Tuesday, September 28, 2010

day 30.

- who are you?
i am not who i used to be. when i think back to how i used to act and the things i used to say, i hate myself. how did i let myself become so heartless? i find myself crying because of the mistakes i made, the regrets. i fucked up my entire world. i used to believe everything that was told to me. from the insults to the lies, i believed it all. "audrey is so ugly," made me go home and stare in the mirror, pointing out my imperfections. "audrey, you will never be good enough for him," made me give up everything i had. i ruined myself. i self destructed and it didn't end there. i continually let people bring me down. i drank myself into a hole. i was completely alone among people who swore they cared. none of them gave two shits. only one person ever did and i pushed him so far away that i couldn't do anything. my life was hell and i made it that way.

it took all summer until i found myself. and when i did, it hit me like a ton of bricks. i had turned into a monster. i was trying so hard to push my feelings away, that i lost myself. i finally faced my fears and realized that i was wrong in so many ways. i looked at things from a different point of view. i was the one who fucked up. my true feelings were replaced with drunken slurs. by the end of summer, i gave up caring about what other people thought of me. i stopped believing all the lies and false hopes. i started living for me and tried finding out where my life was headed next. then the dream came and it hit me that i needed to make things right again. i needed to apologize to every single person that i hurt. i needed to admit that i was wrong. i needed to regret what i had done.

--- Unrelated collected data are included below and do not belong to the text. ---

(* A run of length L has L elements, so L * #(runs of length L) is the number of elements
   whose run has length L, and that number is visibly invariant under s. *)
Lemma card_run_starts_perm L : #|run_starts (s @: X) L| = #|run_starts X L|.
Proof.
case: L => [|L].
  have no_empty_runs (Y : {set 'I_m}) : run_starts Y 0 = set0.
    apply/setP => i; rewrite !inE; apply/negP => /andP[/andP[iY _] /eqP size0].
    by move: (run_size_gt0 iY); rewrite size0.
  by rewrite !no_empty_runs.
apply/eqP; rewrite -(eqn_pmul2l (ltn0Sn L)) -!card_run_members.
rewrite -(card_preimset _ (@perm_inj _ s)); apply/eqP/eq_card => x.
by rewrite !inE (mem_imset _ _ (@perm_inj _ s)) run_size_perm.
Qed.

Lemma run_decomp_perm : run_decomp (s @: X) = run_decomp X.
Proof. by apply/run_decompP => L; apply: card_run_starts_perm. Qed.

End AdjacencyPreservingPerm.

Section SetSystem.
Variables (T : finType) (m : nat) (U : {set T}) (A : 'I_m -> {set T}).

Lemma Hsub_U1l j I1 I2 : Hsub U A (j |: I1) I2 = Hsub U A I1 I2 :&: A j.
Proof.
rewrite /Hsub bigcap_setU big_set1; apply/setP => x; rewrite !inE.
by case: (x \in A j); rewrite ?andbF ?andbT.
Qed.

Lemma Hsub_U1r j I1 I2 : Hsub U A I1 (j |: I2) = Hsub U A I1 I2 :\: A j.
Proof.
rewrite /Hsub bigcap_setU big_set1; apply/setP => x; rewrite !inE.
by case: (x \in U); case: (x \in A j); rewrite ?andbF ?andbT.
Qed.

Lemma card_Hsub_split j I1 I2 :
  #|Hsub U A I1 I2| = #|Hsub U A (j |: I1) I2| + #|Hsub U A I1 (j |: I2)|.
Proof. by rewrite Hsub_U1l Hsub_U1r cardsID. Qed.

Lemma harmonic_card_Hsub_perm (s : {perm 'I_m}) (K : {set 'I_m}) :
  harmonic U A -> {in K &, forall i j : 'I_m, adjacent (s i) (s j) = adjacent i j} ->
  forall I1 I2, I1 :|: I2 \subset K -> #|Hsub U A I1 I2| = #|Hsub U A (s @: I1) (s @: I2)|.
Proof.
move=> harmonicH s_adj I1 I2; move: {2}#|I2| (erefl #|I2|) => n.
elim: n I1 I2 => [|n IHn] I1 I2 card_I2 subK.
  rewrite (cards0_eq card_I2) imset0; apply: harmonicH; rewrite run_decomp_perm //.
  by apply: sub_in2 s_adj => i iI1; apply: (subsetP subK); rewrite inE iI1.
have [j jI2] : exists j, j \in I2 by apply/card_gt0P; rewrite card_I2.
have card_I2' : #|I2 :\ j| = n by move: card_I2; rewrite (cardsD1 j) jI2 => -[].
have eqI2 : j |: (I2 :\ j) = I2 by rewrite setD1K.
have subK1 : I1 :|: (I2 :\ j) \subset K.
  by apply: subset_trans subK; rewrite setUS // subD1set.
have subK2 : (j |: I1) :|: (I2 :\ j) \subset K by rewrite -setUA setUCA eqI2.
have split1 := card_Hsub_split j I1 (I2 :\ j).
have split2 := card_Hsub_split (s j) (s @: I1) (s @: (I2 :\ j)).
have eqsI2 : s j |: s @: (I2 :\ j) = s @: I2 by rewrite -imsetU1 setD1K.
rewrite eqI2 in split1; rewrite eqsI2 in split2.
have := IHn _ _ card_I2' subK1; have := IHn _ _ card_I2' subK2; rewrite imsetU1.
lia.
Qed.

End SetSystem.

Section SetBijection.
Variables (T : finType) (A B : {set T}).
Hypothesis card_AB : #|A| = #|B|.

Definition set_bij (x : T) : T := nth x (enum B) (index x (enum A)).

Lemma index_enum_lt x : x \in A -> index x (enum A) < size (enum B).
Proof. by move=> xA; rewrite -cardE -card_AB cardE index_mem mem_enum. Qed.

so who am i? i am a girl with a fucked up past and a reputation for making mistakes. i have a huge heart and finally know how to put it to good use. i have one regret in life and i have learned to admit when i am wrong. i do not listen to the lies that are fed to me. i don't take advice from others if i disagree with them. i don't make promises i cannot keep. i do my best to make sure the people i surround myself with are happy.  i'm audrey. i shattered my world and i am trying to put the pieces back together day by day. i am no longer numb. i am no longer heartless. i am no longer cold. i am alive. i am in love. i am free.